How many flat panels does a skinny shape really need?
In the shipping workshop, we circle a delicate sculpture. Flat foam panels lean against a workbench, ready to become a hard shell. The leader slides a thin strip of plastic into the gap and says, "How many flat sides are truly enough to hug the shape closely, without touching it, everywhere?"
The old rule we’ve used starts with the longest tip-to-tip distance. For this sculpture, that number is huge, like a long canoe. The rule spits out a big pile of panels, even though the sculpture doesn’t take up much space. It feels like paying for air.
A newer way flips the question. If we could melt the sculpture into a perfect ball with the same amount of material, how wide would that ball be? We plan the shell from that ball-width, not the longest reach. One guardrail: the sculpture can’t be thinner than our allowed gap everywhere, like a near-paper sheet.
We try to back up the new plan with a counting trick. We imagine covering the outer wrap with same-size pads, each pad standing in for one patch we must protect. But on skinny shapes, a pad can sit near the sculpture and still hover over empty space, because the outer wrap is so much bigger there. The count stops matching reality.

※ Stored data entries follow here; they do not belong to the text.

Lemma axis_offset_succ (t : 'I_d) :
  axis_offset t + axis_edge_count n t = \sum_(s < d | s < t.+1) axis_edge_count n s.
Proof.
rewrite [RHS](bigD1 t) //= addnC; congr (_ + _).
by apply: eq_bigl => s; rewrite ltnS ltn_neqAle andbC.
Qed.

Lemma axis_offset_lt (t t' : 'I_d) : t < t' -> axis_offset t + axis_edge_count n t <= axis_offset t'.
Proof.
by move=> tt'; rewrite axis_offset_succ; apply: leq_sum_subpred => s /leq_trans; apply.
Qed.

Lemma axis_offset_le_sum (t : 'I_d) :
  axis_offset t + axis_edge_count n t <= \sum_(s < d) axis_edge_count n s.
Proof. by rewrite axis_offset_succ; exact: leq_sum_subpred. Qed.

Lemma high_label_lt (t : 'I_d) (x : V) : (x t).+1 < n t ->
  high_label t x <= axis_offset t + axis_edge_count n t.
Proof.
move=> xt; have := mixed_radix_lt (twist_lt (al t) (be t) (coords_lower_dims xt)).
by rewrite /high_label /axis_edge_count; lia.
Qed.

Lemma high_label_gt (t : 'I_d) (x : V) : axis_offset t < high_label t x.
Proof. by rewrite /high_label addnAC add1n ltnS leq_addl. Qed.

Lemma high_label_inj (t t' : 'I_d) (x x' : V) : (x t).+1 < n t -> (x' t').+1 < n t' ->
  high_label t x = high_label t' x' -> t = t' /\ x = x'.
Proof.
move=> xt xt' E.
have tt' : t = t'.
  have := high_label_gt t x; have := high_label_gt t' x'.
  have := high_label_lt xt; have := high_label_lt xt'; rewrite E.
  by case: (ltngtP t t') => [lt | lt | /val_inj //]; have := axis_offset_lt lt; lia.
subst t'; split => //; move: E => /eqP; rewrite /high_label eqn_add2l => /eqP.
move=> /mixed_radix_inj eq_twist; apply/grid_V_eq/(twist_inj (al_be t)
  (coords_lower_dims xt) (coords_lower_dims xt'))/eq_twist => i;
  exact/twist_lt/coords_lower_dims.
Qed.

So we add a middle wrap layer between the sculpture and the outer wrap. Not halfway by distance, but chosen so each pad, when centered on the sculpture’s surface, is forced to include a solid bite of the sculpture, not just air. Takeaway: once every pad contains real substance, we can count pads by “how much it holds” again.
Now we place as many pads as we can without them crowding each other, like suction cups that can’t overlap too much. Each pad gets “charged” to its own cone of space inside that middle layer, so we don’t double-count. Grouping pads by how deep they sit lets us cap the total, and that cap becomes the panel count for the shell.
By the end, the sculpture sits inside a faithful shell with the same tiny clearance, but with far fewer panels than the longest-span rule would demand for a skinny piece. The leader looks at the leftover stack and just nods. The yardstick changed: we priced the shell by how much space the shape truly occupies, not how far its tips happen to reach.